▶ [Dataset records]:
(* A face submonoid M ∩ F fails to be a UFM exactly
   when it contains two factorizations of one element of different lengths
   (a "length-gap pair"; equal lengths are excluded by the OHFM property).
   Cancelling common atoms turns any gap pair into a disjoint one, and the
   key lemma [gap_pair_support] shows that the atoms of a disjoint gap pair
   (u, u') occur in every gap pair (y, y'): the two equal-length
   factorizations  k2·u' + k1·y  and  k2·u + k1·y'  (with k1, k2 the length
   gaps) must coincide as multisets by the OHFM property, and counting
   occurrences gives the claim.  Since faces are extremal for sums, the atoms
   of a gap pair lie in every non-factorial face.  Hence, if some face is
   non-factorial, the intersection F0 of all non-factorial faces is a face
   containing a gap pair, and a face F is non-factorial iff F0 ⊆ F. *)

From Stdlib Require Import Reals List Permutation.
From Stdlib Require Import Lra Lia FunctionalExtensionality Classical ClassicalEpsilon.
Open Scope R_scope.

Lemma nadd_comm x y : nadd x y = nadd y x.
Proof. extensionality i; unfold nadd; lia. Qed.

Lemma nadd_assoc x y z : nadd x (nadd y z) = nadd (nadd x y) z.
Proof. extensionality i; unfold nadd; lia. Qed.

Lemma nadd_0l x : nadd nzero x = x.
Proof. extensionality i; unfold nadd, nzero; lia. Qed.

Lemma nadd_cancel a x y : nadd a x = nadd a y -> x = y.
Proof.
  intro H; extensionality i.
  assert (Hi := f_equal (fun f => f i) H); cbv beta in Hi; unfold nadd in Hi; lia.
Qed.

Lemma nadd_eq_zero x y : nadd x y = nzero -> x = nzero.
Proof.
  intro H; extensionality i.
  assert (Hi := f_equal (fun f => f i) H); cbv beta in Hi; unfold nadd, nzero in *; lia.
Qed.

Lemma nsum_app l1 l2 : nsum (l1 ++ l2) = nadd (nsum l1) (nsum l2).
Proof.
  induction l1 as [|a l1 IH]; simpl; [now rewrite nadd_0l|].
  unfold nsum in *; rewrite IH; apply nadd_assoc.
Qed.

Lemma nsum_perm l1 l2 : Permutation l1 l2 -> nsum l1 = nsum l2.
Proof.
  induction 1; unfold nsum in *; simpl; try congruence.
  rewrite !nadd_assoc, (nadd_comm y x); reflexivity.
Qed.

Fixpoint rep (k : nat) (l : list nvec) : list nvec :=
  match k with O => nil | S k => l ++ rep k l end.

Lemma nsum_rep_eq k l l' : nsum l = nsum l' -> nsum (rep k l) = nsum (rep k l').
Proof. intro H; induction k; simpl; auto. rewrite !nsum_app, H, IHk; auto. Qed.

Lemma rep_length k l : length (rep k l) = (k * length l)%nat.
Proof. induction k; simpl; auto. rewrite length_app, IHk; lia. Qed.

Lemma Forall_rep (P : nvec -> Prop) k l : Forall P l -> Forall P (rep k l).
Proof. intro H; induction k; simpl; auto. apply Forall_app; auto. Qed.

Definition nvec_eq_dec : forall x y : nvec, {x = y} + {x <> y} :=
  fun x y => excluded_middle_informative (x = y).

Lemma count_rep k l a :
  count_occ nvec_eq_dec (rep k l) a = (k * count_occ nvec_eq_dec l a)%nat.
Proof. induction k; simpl; auto. rewrite count_occ_app, IHk; lia. Qed.

Lemma embed_nadd x y : embed (nadd x y) = radd (embed x) (embed y).
Proof. extensionality i; unfold embed, radd, nadd; apply plus_INR. Qed.

Lemma embed_nzero : embed nzero = rzero.
Proof. extensionality i; reflexivity. Qed.

Lemma cone_nsum (F : rvec -> Prop) l :
  is_cone F -> Forall (fun a => F (embed a)) l -> F (embed (nsum l)).
Proof.
  intros [F0 [Fadd _]]. induction 1; simpl; [now rewrite embed_nzero|].
  rewrite embed_nadd; auto.
Qed.

(* A face G of a cone C is extremal for sums: if u, v ∈ C and u + v ∈ G then
   u, v ∈ G (write u + v as the midpoint of 2u and 2v). *)
Lemma face_of_sum (C G : rvec -> Prop) u v :
  is_cone C -> is_face C G -> C u -> C v -> G (radd u v) -> G u /\ G v.
Proof.
  intros [_ [_ Cscale]] [[_ [_ Gscale]] [_ Gext]] Cu Cv Guv.
  assert (Double : forall w, w = rscale (1/2) (rscale 2 w))
    by (intro w; extensionality i; unfold rscale; field).
  destruct (Gext (rscale 2 u) (rscale 2 v)) as [G2u G2v];
    [apply Cscale; auto; lra | apply Cscale; auto; lra | |].
  - exists (1/2); split; [lra|].
    replace (radd (rscale (1 - 1/2) (rscale 2 u)) (rscale (1/2) (rscale 2 v)))
      with (radd u v); auto.
    extensionality i; unfold radd, rscale; field.
  - rewrite (Double u), (Double v); split; apply Gscale; auto; lra.
Qed.

Lemma face_nsum (C G : rvec -> Prop) l :
  is_cone C -> is_face C G -> Forall (fun a => C (embed a)) l ->
  G (embed (nsum l)) -> Forall (fun a => G (embed a)) l.
Proof.
  intros HC HG. induction 1 as [|a l Ca Cl IH]; intros Gsum; constructor;
    simpl in Gsum; rewrite embed_nadd in Gsum;
    apply face_of_sum with (C := C) in Gsum; auto; try tauto;
    apply cone_nsum; auto.
Qed.

Lemma intersection_face (C : rvec -> Prop) (P : (rvec -> Prop) -> Prop) :
  is_cone C -> (forall G, P G -> is_face C G) ->
  is_face C (fun v => C v /\ forall G, P G -> G v).
Proof.
  intros [C0 [Cadd Cscale]] Hfaces.
  assert (Cones : forall G, P G -> is_cone G) by (intros G HG; apply (Hfaces G HG)).
  split; [split; [|split]|split].
  - split; auto. intros G HG; exact (proj1 (Cones G HG)).
  - intros x y [Cx Gx] [Cy Gy]; split; auto.
    intros G HG; destruct (Cones G HG) as [_ [Gadd _]]; exact (Gadd x y (Gx G HG) (Gy G HG)).
  - intros c x Hc [Cx Gx]; split; auto.
    intros G HG; destruct (Cones G HG) as [_ [_ Gscale]]; exact (Gscale c x Hc (Gx G HG)).
  - intros v Hv; exact (proj1 Hv).
  - intros x y Cx Cy [t [Ht Hxy]].
    assert (Both : forall G, P G -> G x /\ G y).
    { intros G HG. apply (Hfaces G HG); auto. exists t; split; auto. apply Hxy, HG. }
    split; split; auto; intros G HG; apply (Both G HG).
Qed.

▶ [Work required]: Go through the material and report each line that holds the string "destruct".

▶ [Result]:
  destruct (Gext (rscale 2 u) (rscale 2 v)) as [G2u G2v];
    intros G HG; destruct (Cones G HG) as [_ [Gadd _]]; exact (Gadd x y (Gx G HG) (Gy G HG)).
    intros G HG; destruct (Cones G HG) as [_ [_ Gscale]]; exact (Gscale c x Hc (Gx G HG)).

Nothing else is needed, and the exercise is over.